観念して目を閉じれば深く沈む闇の中は居心地が良かった。多少の息苦しさと硬い大地を意識さえしなければ安息を得られる。
「アラタ!!」
遠くから聞こえるニチヤの声には怒りが滲んでおり、通常の彼からは想像もできない程荒々しい。
死ぬことは赦さないと言われているようで、アラタは頬を引き攣らせながらも笑みを浮かべた。
数発の銃声が飛び交い、ドッと地面越しに重い物が倒れる音と衝撃が伝わる。
「アラタ、聞こえますか!?」
「うる……さい、聞きたくなくて、も……聞こえて、る」
目蓋は重く目を開けることはできなかったが、頭の上から聞こえてくるニチヤの声になんとか返答することはできた。
情けないことに力が入らず弱々しいものだったが、相談役の男がほっと安堵の息を吐いたのは感じられた。

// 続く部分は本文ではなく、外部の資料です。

(* Let $k\le l$ be positive integers with $\gcd(k,l)=1$, let $n\ge1$ and $m\ge0$ be integers, and write $m=qn+r$ with integers $q\ge 0$, $0\le r<n$. Then $$U^{k,l}(m,n)\le \max\bigl(nkq,\ nkq+r(k+l)-nl\bigr).$$
   Context: $\mathcal D^{k,l}(m,n)$ denotes the set of all $nk\times nl$ matrices with nonnegative integer entries all of whose row sums equal $ml$ and all of whose column sums equal $mk$. For an $s\times t$ matrix $A=(a_{ij})$ with $s\le t$, a transversal of $A$ is a set of entries $T=\{a_{1i_1},\dots,a_{si_s}\}$ with $i_1,\dots,i_s\in\{1,\dots,t\}$ pairwise distinct, and $|T|=a_{1i_1}+\cdots+a_{si_s}$. Define ${\rm tropdet}(A)=\min_T|T|$ over all transversals $T$ of $A$, and $U^{k,l}(m,n)=\max_{A\in\mathcal D^{k,l}(m,n)}{\rm tropdet}(A)$. *)

From mathcomp Require Import all_boot all_order all_algebra.
Set Implicit Arguments. Unset Strict Implicit. Unset Printing Implicit Defensive.

(* A transversal of an s x t matrix (s <= t) is given by an injective map
   sigma : 'I_s -> 'I_t (row i picks column sigma i); its weight is |T|. *)
Definition transversal_weight (s t : nat) (A : 'M[nat]_(s, t))
  (sigma : {ffun 'I_s -> 'I_t}) : nat := \sum_(i < s) A i (sigma i).

(* The neutral element of the
   iterated min is the sum of all entries, which bounds every transversal
   weight from above, so (when s <= t, i.e. transversals exist) this is
   exactly the minimum. *)
Definition tropdet (s t : nat) (A : 'M[nat]_(s, t)) : nat :=
  \big[minn/(\sum_(i < s) \sum_(j < t) A i j)]_(sigma : {ffun 'I_s -> 'I_t} | injectiveb sigma)
     transversal_weight A sigma.

Definition inD (k l m n : nat) (A : 'M[nat]_(n * k, n * l)) : Prop :=
  (forall i, \sum_(j < n * l) A i j = m * l) /\
  (forall j, \sum_(i < n * k) A i j = m * k).

(* U^{k,l}(m,n) = max over D^{k,l}(m,n) of tropdet.  We express "U <= b" as
   "every A in D has tropdet A <= b" (D is nonempty: the constant-m matrix). *)
Definition U_le (k l m n : nat) (b : int) : Prop :=
  forall A : 'M[nat]_(n * k, n * l), @inD k l m n A -> ((tropdet A)%:Z <= b)%R.

From mathcomp Require Import all_boot all_order all_algebra.
From mathcomp Require Import zify ring.
Set Implicit Arguments. Unset Strict Implicit. Unset Printing Implicit Defensive.

Import Order.TTheory GRing.Theory Num.Theory.

(* Pad A with nl - nk zero rows. Egervary's theorem, obtained from Hall's
   marriage theorem by the Hungarian method, gives integer potentials with
   u_i - p_j <= A_ij and a transversal on which equality holds; after the
   normalisation min p = 0 its weight, hence tropdet A, is at most
   sum u - sum p.  With L = max u, the column sums give
   sum u <= min (mk, nkL) and a row attaining L gives sum p >= max (0, nlL - ml);
   comparing L with q yields the two terms of the bound. *)

Section HallMarriage.
Variables (R C : finType) (E : R -> C -> bool).
Implicit Types (A S T : {set R}) (B N : {set C}) (f : R -> C).

Definition nbr (B : {set C}) (S : {set R}) : {set C} :=
  [set j in B | [exists i in S, E i j]].

Definition hall_condition (A : {set R}) (B : {set C}) : Prop :=
  forall S, S \subset A -> #|S| <= #|nbr B S|.

Definition matching (A : {set R}) (B : {set C}) (f : R -> C) : Prop :=
  {in A &, injective f} /\ forall i, i \in A -> f i \in B /\ E i (f i).

Lemma nbr_sub B S : nbr B S \subset B.
Proof. by apply/subsetP=> j; rewrite inE => /andP[]. Qed.

Lemma nbrU B S T : nbr B (S :|: T) = nbr B S :|: nbr B T.
Proof.
apply/setP=> j; rewrite !inE; case: (j \in B) => //=.
apply/existsP/orP => [[i /andP[]]|].
  by rewrite inE => /orP[] Hi Ej; [left|right]; apply/existsP; exists i; rewrite Hi.
by case=> /existsP[i /andP[Hi Ej]]; exists i; rewrite inE Hi ?orbT.
Qed.

Lemma nbrD B N S : nbr (B :\: N) S = nbr B S :\: N.
Proof. by apply/setP=> j; rewrite !inE; case: (j \in N); case: (j \in B). Qed.

Lemma matching_nbr A B f : matching A B f -> matching A (nbr B A) f.
Proof.
move=> [injf Hf]; split=> // i iA; have [fiB Eif] := Hf i iA.
by split=> //; rewrite inE fiB; apply/existsP; exists i; rewrite iA.
Qed.

Lemma matching_split A S B B1 f1 f2 :
  S \subset A -> B1 \subset B ->
  matching S B1 f1 -> matching (A :\: S) (B :\: B1) f2 ->
  matching A B (fun i => if i \in S then f1 i else f2 i).
Proof.
move=> sSA sB1B [inj1 H1] [inj2 H2].
have DS i : i \in A -> i \notin S -> i \in A :\: S by rewrite inE => -> ->.
have sep i j : i \in S -> j \in A -> j \notin S -> f1 i != f2 j.
  move=> iS jA jS; have [+ _] := H1 i iS; have [+ _] := H2 j (DS j jA jS).
  by rewrite inE => /andP[f2B1 _] f1B1; apply: contraNneq f2B1 => <-.
split=> [i j iA jA /=|i iA].
  case: (boolP (i \in S)) => iS; case: (boolP (j \in S)) => jS.
  - exact: inj1.
  - by move/eqP; rewrite (negbTE (sep _ _ iS jA jS)).
  - by move/esym/eqP; rewrite (negbTE (sep _ _ jS iA iS)).
  - exact: inj2 (DS _ iA iS) (DS _ jA jS).
case: ifP => iS; first by have [/(subsetP sB1B) ? ?] := H1 i iS.
by have [+ ?] := H2 i (DS i iA (negbT iS)); rewrite inE => /andP[].
Qed.

Lemma hall_condition_sub A S B :
  hall_condition A B -> S \subset A -> hall_condition S B.
Proof. by move=> hallAB sSA T sTS; apply/hallAB/(subset_trans sTS). Qed.

Lemma hall_condition_tight A S B :
  hall_condition A B -> S \subset A -> #|nbr B S| <= #|S| ->
  hall_condition (A :\: S) (B :\: nbr B S).
Proof.
move=> hallAB sSA tight T sT; rewrite nbrD.
have dTS : T :&: S = set0.
  apply/setP=> x; rewrite !inE; apply/andP=> -[xT xS].
  by move: (subsetP sT x xT); rewrite inE xS.
have := hallAB (T :|: S); rewrite nbrU cardsU dTS cards0 subn0.
have -> : T :|: S \subset A by rewrite subUset sSA (subset_trans sT (subsetDl _ _)).
have := cardsUI (nbr B T) (nbr B S); have := cardsD (nbr B T) (nbr B S).
have := subset_leq_card (subsetIr (nbr B T) (nbr B S)).
by move: tight; lia.
Qed.

Lemma hall_condition_slack A a b B :
  (forall S, S \subset A -> S != set0 -> S != A -> #|S| < #|nbr B S|) ->
  a \in A -> hall_condition (A :\ a) (B :\ b).
Proof.
move=> slack aA T sT; rewrite nbrD.
have [->|[x xT]] := set_0Vmem T; first by rewrite cards0.
have T_ne0 : T != set0 by apply/set0Pn; exists x.
have T_neA : T != A.
  by apply/eqP=> TA; have := subsetP sT a; rewrite TA aA !inE eqxx => /(_ isT).
have := slack T (subset_trans sT (subsetDl _ _)) T_ne0 T_neA.
by have := cardsD1 b (nbr B T); case: (b \in nbr B T) => /=; lia.
Qed.

Lemma hall_marriage (c0 : C) A B : hall_condition A B -> exists f, matching A B f.
Proof.
have [n] := ubnP #|A|; elim: n A B => // n IH A B /ltnSE leAn hallAB.
have [A0|[a aA]] := set_0Vmem A; first by exists (fun=> c0); split=> i; rewrite A0 inE.
case: (boolP [exists S : {set R},
  [&& S \subset A, S != set0, S != A & #|nbr B S| <= #|S|]]).
  case/existsP=> S /and4P[sSA S_ne0 S_neA tight].
  have ltSA : #|S| < #|A| by apply: proper_card; rewrite properEneq S_neA.
  have ltDA : #|A :\: S| < #|A|.
    rewrite cardsD (setIidPr sSA); move: S_ne0 ltSA; rewrite -card_gt0; lia.
  have [f1 m1] := IH S B (leq_trans ltSA leAn) (hall_condition_sub hallAB sSA).
  have [f2 m2] := IH _ _ (leq_trans ltDA leAn) (hall_condition_tight hallAB sSA tight).
  exists (fun i => if i \in S then f1 i else f2 i).
  exact: matching_split sSA (nbr_sub B S) (matching_nbr m1) m2.
rewrite negb_exists => /forallP no_tight.
have slack S : S \subset A -> S != set0 -> S != A -> #|S| < #|nbr B S|.
  by move=> sSA S_ne0 S_neA; have := no_tight S; rewrite sSA S_ne0 S_neA ltnNge.
have [b bN] : exists b, b \in nbr B [set a].
  by apply/set0Pn; rewrite -card_gt0 (leq_trans _ (hallAB _ _)) ?cards1 ?sub1set.
have ltDA : #|A :\ a| < #|A| by rewrite (cardsD1 a A) aA.
have [f2 m2] := IH _ _ (leq_trans ltDA leAn) (@hall_condition_slack A a b B slack aA).
exists (fun i => if i \in [set a] then b else f2 i).
apply: matching_split m2; rewrite ?sub1set ?(subsetP (nbr_sub _ _) b bN) //.
split=> [i j /set1P-> /set1P-> //|i /set1P->]; split; first exact: set11.
by move: bN; rewrite inE => /andP[_ /existsP[a' /andP[/set1P-> ->]]].
Qed.
End HallMarriage.

Section DoubleSums.
Variables (R C : finType) (a : R -> C -> nat).

Lemma sum_add_row (c : R -> nat) :
  \sum_i \sum_j (a i j + c i) = \sum_i \sum_j a i j + #|C| * \sum_i c i.
Proof.
rewrite big_distrr -big_split /=; apply: eq_bigr => i _.
by rewrite big_split /= sum_nat_const.
Qed.

Lemma sum_add_col (d : C -> nat) :
  \sum_i \sum_j (a i j + d j) = \sum_i \sum_j a i j + #|R| * \sum_j d j.
Proof.
rewrite -sum_nat_const -big_split /=; apply: eq_bigr => i _.
by rewrite big_split.
Qed.

End DoubleSums.

Lemma sum_mem_card (T : finType) (S : {set T}) : \sum_i (i \in S : nat) = #|S|.
Proof. by rewrite -big_mkcond sum1_card. Qed.

Section DeficientShift.
Variables (R C : finType) (a : R -> C -> nat) (S : {set R}).

Definition zero_entry i j := a i j == 0.

Let N := nbr zero_entry setT S.

(* The subtraction never truncates: by definition of [N], an entry in a row of
   [S] and a column outside [N] is nonzero. *)
Definition deficient_shift i j := a i j + (j \in N) - (i \in S).

Lemma deficient_shiftE i j :
  deficient_shift i j + (i \in S) = a i j + (j \in N).
Proof.
rewrite subnK //; case: (boolP (i \in S)) => iS //; case: (boolP (j \in N)) => jN.
  by rewrite addn1.
rewrite addn0 lt0n; apply: contraNneq jN => aij0.
by rewrite !inE /=; apply/existsP; exists i; rewrite iS; apply/eqP.
Qed.

Lemma deficient_shift_total : #|R| = #|C| -> #|N| < #|S| ->
  \sum_i \sum_j deficient_shift i j < \sum_i \sum_j a i j.
Proof.
move=> cardRC defS.
have e1 := sum_add_row deficient_shift (fun i => i \in S : nat).
have e2 := sum_add_col a (fun j => j \in N : nat).
have e12 : \sum_i \sum_j (deficient_shift i j + (i \in S)) =
           \sum_i \sum_j (a i j + (j \in N)).
  by apply: eq_bigr => i _; apply: eq_bigr => j _; apply: deficient_shiftE.
have : #|R| * #|N| < #|C| * #|S|.
  rewrite -cardRC ltn_pmul2l //.
  exact: leq_trans (leq_ltn_trans (leq0n _) defS) (max_card (mem S)).
move: e1 e2 e12; rewrite !sum_mem_card; lia.
Qed.

End DeficientShift.

Lemma egervary (R C : finType) (c0 : C) (a : R -> C -> nat) : #|R| = #|C| ->
  exists u : R -> int, exists p : C -> int, exists s : R -> C,
    [/\ injective s, forall i j, (u i - p j <= (a i j)%:Z)%R
      & forall i, (u i - p (s i) = (a i (s i))%:Z)%R].
Proof.
move=> cardRC; have [N] := ubnP (\sum_i \sum_j a i j); elim: N a => // N IH a lt_aN.
case: (boolP [forall S : {set R}, #|S| <= #|nbr (zero_entry a) setT S|]).
  move=> /forallP hall.
  have [s [injs Hs]] := hall_marriage c0 (fun S (_ : S \subset setT) => hall S).
  exists (fun=> 0%R), (fun=> 0%R), s; split=> [i j e|i j|i].
  - by apply: injs; rewrite ?inE.
  - by rewrite subr0.
  - by have [_ /eqP ->] := Hs i (in_setT i); rewrite subr0.
rewrite negb_forall => /existsP[S]; rewrite -ltnNge => defS.
have [u [p [s [injs feas tight]]]] :=
  IH (deficient_shift a S) (leq_trans (deficient_shift_total cardRC defS) lt_aN).
exists (fun i => u i + (i \in S : nat)%:Z)%R,
  (fun j => p j + (j \in nbr (zero_entry a) setT S : nat)%:Z)%R, s.
split=> // [i j|i].
  by have := feas i j; have := deficient_shiftE a S i j; lia.
by have := tight i; have := deficient_shiftE a S i (s i); lia.
Qed.

Lemma tropdet_le_weight s t (A : 'M[nat]_(s, t)) (sigma : {ffun 'I_s -> 'I_t}) :
  injectiveb sigma -> tropdet A <= transversal_weight A sigma.
Proof. by rewrite /tropdet -minEnat -leEnat; apply: bigmin_le_cond. Qed.

Lemma sum_sub_bij (R C : finType) (u : R -> int) (p : C -> int) (s : R -> C) :
  bijective s -> (\sum_x (u x - p (s x)) = \sum_x u x - \sum_y p y)%R.
Proof. by move=> bij_s; rewrite sumrB (reindex s (onW_bij _ bij_s)). Qed.

Lemma tropdet_le_dual s t (A : 'M[nat]_(s, t)) : s <= t -> 0 < t ->
  exists u : 'I_s -> int, exists p : 'I_t -> int, exists j0,
  [/\ forall i j, (u i - p j <= (A i j)%:Z)%R, forall j, (0 <= p j)%R, p j0 = 0%R &
      ((tropdet A)%:Z <= \sum_i u i - \sum_j p j)%R].
Proof.
move=> le_st t_gt0.
pose a (x : 'I_s + 'I_(t - s)) (j : 'I_t) := if x is inl i then A i j else 0.
have card_pad : #|{: 'I_s + 'I_(t - s)}| = #|'I_t| by rewrite card_sum !card_ord subnKC.
have [u [p [sg [inj_sg feas tight]]]] := egervary (Ordinal t_gt0) a card_pad.
have [j0 _ p_min] := arg_minP p (isT : predT (Ordinal t_gt0)).
pose sigma := [ffun i => sg (inl i)].
have inj_sigma : injectiveb sigma.
  by apply/injectiveP => i j; rewrite !ffunE => /inj_sg [].
have weightE : ((transversal_weight A sigma)%:Z = \sum_x (u x - p (sg x)))%R.
  rewrite big_sumType /= [X in (_ + X)%R]big1 ?addr0 => [|d _]; last by rewrite tight.
  by rewrite -natz natr_sum; apply: eq_bigr => i _; rewrite tight ffunE natz.
have pad_le d : (u (inr d) <= p j0)%R by have := feas (inr d) j0; rewrite subr_le0.
exists (fun i => u (inl i) - p j0)%R, (fun j => p j - p j0)%R, j0; split.
- by move=> i j; have := feas (inl i) j; rewrite opprB addrA subrK.
- by move=> j; rewrite subr_ge0 p_min.
- by rewrite subrr.
have le_weight : ((tropdet A)%:Z <= (transversal_weight A sigma)%:Z)%R.
  by rewrite lez_nat tropdet_le_weight.
apply: le_trans le_weight _.
rewrite weightE sum_sub_bij; last by apply: inj_card_bij inj_sg _; rewrite card_pad.
rewrite big_sumType /= !sumrB !sumr_const !card_ord.
have : (\sum_(d < t - s) u (inr d) <= \sum_(d < t - s) p j0)%R.
  by apply: ler_sum => d _; apply: pad_le.
rewrite sumr_const card_ord => pad_sum.
set U := (\sum_(i < s) _)%R; set P := (\sum_(i < t) _)%R.
have -> : (U - p j0 *+ s - (P - p j0 *+ t) = U + p j0 *+ (t - s) - P)%R.
  by rewrite mulrnBr //; ring.
by rewrite lerD2r lerD2l.
Qed.

Section DualValue.
Variables (s t : nat) (A : 'M[nat]_(s, t)) (u : 'I_s -> int) (p : 'I_t -> int).
Hypothesis feasible : forall i j, (u i - p j <= (A i j)%:Z)%R.

Lemma sum_potential_le_col j0 : p j0 = 0%R -> (\sum_i u i <= (\sum_i A i j0)%:Z)%R.
Proof.
move=> pj0; rewrite -natz natr_sum; apply: ler_sum => i _.
by have := feasible i j0; rewrite pj0 subr0 natz.
Qed.

Lemma sum_potential_ge_row i1 :
  (t%:Z * u i1 - (\sum_j A i1 j)%:Z <= \sum_j p j)%R.
Proof.
rewrite -[Posz (\sum_j _)]natz natr_sum -[Posz t]natz mulr_natl.
rewrite -[t in (_ *+ t)%R]card_ord -sumr_const -sumrB.
by apply: ler_sum => j _; have := feasible i1 j; rewrite natz lerBlDl addrC -lerBlDl.
Qed.

Lemma sum_potential_le_max i1 : (forall i, u i <= u i1)%R ->
  (\sum_i u i <= s%:Z * u i1)%R.
Proof.
move=> u_max; rewrite -natz mulr_natl -[s in (_ *+ s)%R]card_ord -sumr_const.
by apply: ler_sum => i _; apply: u_max.
Qed.

End DualValue.

Lemma dual_value_bound (n k l q r : nat) (X Y L : int) :
  (X <= ((q * n + r) * k)%N%:Z)%R -> (X <= (n * k)%N%:Z * L)%R ->
  ((n * l)%N%:Z * L - ((q * n + r) * l)%N%:Z <= Y)%R -> (0 <= Y)%R ->
  (X - Y <= Num.max ((n * k * q)%N%:Z)
                    ((n * k * q)%N%:Z + (r * (k + l))%N%:Z - (n * l)%N%:Z))%R.
Proof.
move=> X_col X_max Y_row Y_ge0; rewrite le_max.
have [le_Lq|lt_qL] := lerP L q%:Z.
  have : ((n * k)%N%:Z * L <= (n * k)%N%:Z * q%:Z)%R by rewrite ler_wpM2l.
  by move=> ?; apply/orP; left; lia.
have : ((n * l)%N%:Z * q.+1%:Z <= (n * l)%N%:Z * L)%R by rewrite ler_wpM2l //; lia.
by move=> ?; apply/orP; right; lia.
Qed.

Theorem theorem5p2 (k l n m q r : nat) :
  0 < k -> k <= l -> coprime k l -> 0 < n ->
  m = q * n + r -> r < n ->
  U_le k l m n
    (Num.max ((n * k * q)%N%:Z)
             ((n * k * q)%N%:Z + (r * (k + l))%N%:Z - (n * l)%N%:Z))%R.
Proof.
move=> k_gt0 le_kl _ n_gt0 -> _ A [rowA colA].
have le_nk_nl : n * k <= n * l by rewrite leq_mul2l le_kl orbT.
have nl_gt0 : 0 < n * l by rewrite muln_gt0 n_gt0 (leq_trans k_gt0 le_kl).
have nk_gt0 : 0 < n * k by rewrite muln_gt0 n_gt0 k_gt0.
have [u [p [j0 [feas p_ge0 pj0 trop]]]] := tropdet_le_dual A le_nk_nl nl_gt0.
have [i1 _ u_max] := arg_maxP u (isT : predT (Ordinal nk_gt0)).
apply: le_trans trop (dual_value_bound (L := u i1) _ _ _ _).
- by rewrite -(colA j0); apply: sum_potential_le_col.
- exact: sum_potential_le_max (fun i => u_max i isT).
- by rewrite -(rowA i1); apply: sum_potential_ge_row.
- exact: sumr_ge0.
Qed.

「ここはなんとか俺が持ちこたえて見せます。だから貴方は一旦引いて怪我の治療を」
「でき、んのか?」
なんとかすると言い切ったが、そう簡単では無いだろう。
先代の首領であるダイチが戦場で凶弾に倒れた時の動揺たるや凄まじかった。戦闘を放棄して逃げ出す者と凍りつき動けなくなった者がぶつかり合い、恐慌状態に陥った者が悲鳴を上げて騒ぎ立てる。
大混乱の中で異能の民たちは淡々と攻撃を続けた。
あの場にアラタが居たことはプリムスにとっては幸いだっただろう。
銃弾を掻い潜り父の元へと駆けつけ、視線を合わせた時にダイチは決断の時が来たと促しアラタはその想いに応えるしかなかった。

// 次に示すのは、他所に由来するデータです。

(* Let $\kappa,\ell\ge2$ and $n,m\ge0$. Let $w=(a^{\kappa+1}b^\ell)^na^\kappa$ and $w'=(b^{\ell+1}a^\kappa)^mb^\ell$; for $n=0$ and $m=0$ these are the rank-1 words $a^\kappa$ and $b^\ell$, whose curves are the lines $\mathrm a=\zeta_\kappa$ and $\mathrm b=\zeta_\ell$. Then at the point of $\mathcal D_{\kappa,\ell}$ where the legal arcs of $\mathcal C_w$ and $\mathcal C_{w'}$ intersect, the rotation number is $$\theta(\mathcal C_w\cap\mathcal C_{w'})=\vartheta^-_{\kappa+\ell+1,\,n+m+1}=\frac{n+m+1}{(n+m+1)(\kappa+\ell+1)-1}.$$
   Context: For real parameters $\mathrm a,\mathrm b$, the map $F:\mathbb R^2\to\mathbb R^2$ is $F(x,y)=(\mathrm a x-y,x)$ if $x>0$ or ($x=0$ and $y\le0$), and $F(x,y)=(\mathrm b x-y,x)$ otherwise. Letter $a$ is assigned to points in the open right half-plane or on the negative $y$-axis, and $b$ otherwise. Boundary rays are the $y$ semi-axes. For a word $w=w_0\cdots w_{n-1}$ of odd rank ($\text{rank}=1+|w|_{ab}+|w|_{ba}$): with $Q_{-1}=-1$, $Q_0=0$, $Q_{t+1}=w_tQ_t-Q_{t-1}$ (letters specialised to $\mathrm a,\mathrm b$) and $\mathbf k=\lfloor n/2\rfloor$, the critical curve is $\mathcal C_w=\{C_w=0\}$, where $C_w=Q_{\mathbf k+1}-Q_{\mathbf k}$ ($n$ odd) or $Q_{\mathbf k+1}-Q_{\mathbf k-1}$ ($n$ even). Its legal arc is the set of parameter pairs at which $w$ is equivalent (differing only at positions where the orbit lies on a boundary ray) to the symbolic word of the actual $F$-orbit segment between boundary rays. $\theta$ is the rotation number: $\lim_n\frac1n$ times the number of occurrences of $ab$ in the length-$n$ prefix of the symbolic word of any orbit. $\zeta_j=2\cos(\pi/j)$, $\vartheta^-_{j,m}=\frac m{mj-1}$, and $\mathcal D_{\kappa,\ell}=[\zeta_\kappa,\zeta_{\kappa+1}]\times[\zeta_\ell,\zeta_{\ell+1}]$. *)

From Stdlib Require Import Reals Lra List Arith Bool.
Open Scope R_scope.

そうすることでなんとか瓦解するのを持ちこたえたものを、ニチヤひとりでなんとかできるとは到底思えない。
「アラタが生きていてくれれば、まだ俺たちに希望はある」
それが儚い希望だとしても。
「……後は、任せた」
どちらにせよアラタには自力で立つこともできない。任せて欲しいと言うのだから今はそうするしかない。
両脇の下と膝裏を抱えられゆっくりと持ち上げられる。
ふわりとした浮遊感と酩酊感に意識がぶれた。
「行くぞ!」
ニチヤの号令に戸惑った仲間の声が応と答えてアラタの運ばれる方向とは逆へと去って行く。

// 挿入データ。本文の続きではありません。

Lemma plane_hierarchical_size_ge L : is_hub_labeling plane_graph L -> is_hierarchical L ->
  ((p * p + p * p) * p * p.-1 <= 4 * labeling_size L)%N.
Proof.
rewrite -card_vertex; apply: hierarchical_labeling_size_ge.
- by move=> i j; apply: incident_sym.
- by move=> i; apply: incident_irr.
- by move=> x u w; apply: incident_triangle_free.
- move=> x y u w xu xw yu yw neq_uw; apply: enum_val_inj.
  by apply: (incident_C4_free xu xw yu yw); rewrite (inj_eq enum_val_inj).
- move=> i; have -> : [set j | plane_graph i j] =
      [set j | enum_val j \in [set t | incident (enum_val i) t]].
    by apply/setP => j; rewrite !inE.
  by rewrite card_enum_val_preim card_incident.
Qed.

End AffinePlane.

Local Open Scope ring_scope.

Lemma sqrt_twice_square_le (R : rcfType) (p : nat) :
  Num.sqrt ((p * p + p * p)%N%:R : R) <= (2 * p)%N%:R.
Proof.
rewrite -[X in _ <= X]ger0_norm ?ler0n // -sqrtr_sqr ler_sqrt ?exprn_ge0 ?ler0n //.
by rewrite -natrX ler_nat; nia.
Qed.

Lemma sqrt_gap_of_size_bounds (R : rcfType) (p kHL kHHL : nat) : (2 < p)%N ->
  (kHL <= (p * p + p * p) * (1 + (p + p)))%N ->
  ((p * p + p * p) * p * p.-1 <= 4 * kHHL)%N ->
  32%:R^-1 * Num.sqrt ((p * p + p * p)%N%:R : R) * kHL%:R <= kHHL%:R.
Proof.
move=> p_gt2 le_kHL le_kHHL.
have le_nat : (2 * p * kHL <= 32 * kHHL)%N.
  have le_deg : (4 * (1 + 2 * p) <= 16 * p.-1)%N by lia.
  apply: leq_trans (leq_mul (leqnn (2 * p)) le_kHL) _.
  have -> : (32 * kHHL = 8 * (4 * kHHL))%N by ring.
  apply: leq_trans (leq_mul (leqnn 8) le_kHHL).
  rewrite (_ : 2 * p * _ = p * p * p * (4 * (1 + 2 * p)))%N; last by ring.
  rewrite (_ : 8 * _ = p * p * p * (16 * p.-1))%N; last by ring.
  by rewrite leq_mul2l le_deg orbT.
apply: (@le_trans _ _ (32%:R^-1 * (2 * p)%N%:R * kHL%:R)).
  by rewrite ler_wpM2r ?ler0n // ler_wpM2l ?invr_ge0 ?ler0n // sqrt_twice_square_le.
by rewrite -mulrA -natrM ler_pdivrMl ?ltr0n // -natrM ler_nat.
Qed.

Theorem mainTheorem14 (R : realType) :
  exists c : R, 0 < c /\
    forall N : nat, exists n : nat, (N <= n)%N /\
      exists e : rel 'I_n, simple_graph e /\
        exists kHL kHHL : nat,
          min_HL_size e kHL /\ min_HHL_size e kHHL /\
          c * Num.sqrt (n%:R) * kHL%:R <= kHHL%:R.
Proof.
exists 32%:R^-1; split; first by rewrite invr_gt0 ltr0n.
move=> N; have [p] := prime_above (maxn N 3); rewrite gtn_max => /andP[lt_Np lt_3p] p_prime.
exists #|vertex p|; split; first by rewrite card_vertex //; nia.
exists (@plane_graph p); split; first exact: plane_graph_simple.
have L_hub := @plane_labeling_hub p.
have [kHL minHL] := min_HL_size_exists L_hub.
have [kHHL minHHL] := min_HHL_size_exists L_hub.
exists kHL, kHHL; do 2!split=> //.
rewrite card_vertex //; apply: sqrt_gap_of_size_bounds; first exact: ltnW.
- exact: leq_trans (minHL.2 _ L_hub) (plane_labeling_size p_prime).
- have [[L [L_hub' [L_hier <-]]] _] := minHHL.
  exact: plane_hierarchical_size_ge.
Qed.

戦地を去る不甲斐無さに落ち込みながら、アラタはふとセリを思った。
幾つもの戦いの中で常に先陣を切り、敵を倒し生き延びてきたがそれを己の強さと思い込んでいた愚かさに恥じ入る。
きっとこの半年以上無事に戦地から帰ってこられていたのは、セリが異能の民と契約したからだ。
アラタとの子供を望み、そしてアラタの無事を願ってくれたセリ。
裏切りが露呈したセリの失敗は異能の民へと伝わっていたのか、敵の目は執拗にアラタの命を狙っていた。
オレは首領としても夫としても駄目な男だった。
首領と言う地位に奢りながら故郷を護れず、身近にいた愛しい女すら幸せにできなかったのだから。
自治区の住民がこれから歩まねばならない厳しく辛い不運な道を思いアラタは慟哭する。
もっとできることがあったかもしれない。
違う道があったかもしれない。
そう思い後悔してもアラタにやり直す機会が与えられるかどうか。
力を失っていく四肢と薄らいでいく意識の中でスイの声を聞いた気がしたが確かなことは解らない。
ただ必ず戻って来いと強く請われたのはアラタの願望では無かったと思う。
意識は混濁したり、時折覚醒するのか音だけが微かに聞こえる。
「すぐに、ボルデの街に連れて行きますから、それまで頑張ってくださいよ」
車の喧しいエンジン音の間から町の若手であるノルテの声がした。
聞かされた街の名前は港を持つ首領自治区が治める場所。そこにはまだコルム国の船が停泊しているだろう。
そこで治療を受けることができれば――。
拾えるかもしれない。
命を。
自分が生きているだけで自治区の人たちに希望を与えることができるのであれば生を渇望してもいいはずだ。
多くの命を奪ってきておいて浅ましいことかもしれないが、自分のためでは無く仲間のためにと願う。
そして。
生きて再びやり直す機会が貰えるのならば。
セリ――。
美人ではないが明るく微笑むセリは一緒にいて心が休まり、献身的に尽くし愛してくれた。勿論アラタもセリを心から求め、幸せにしたいと思っていた。
セリのいない家に帰るなど意味がない。
目覚めた時に彼女がまだ生きていたら。
その時は。
誰になにを言われようとも我儘を通そう。
そう決めて、アラタの意識は再び闇の底へと堕ちて行った。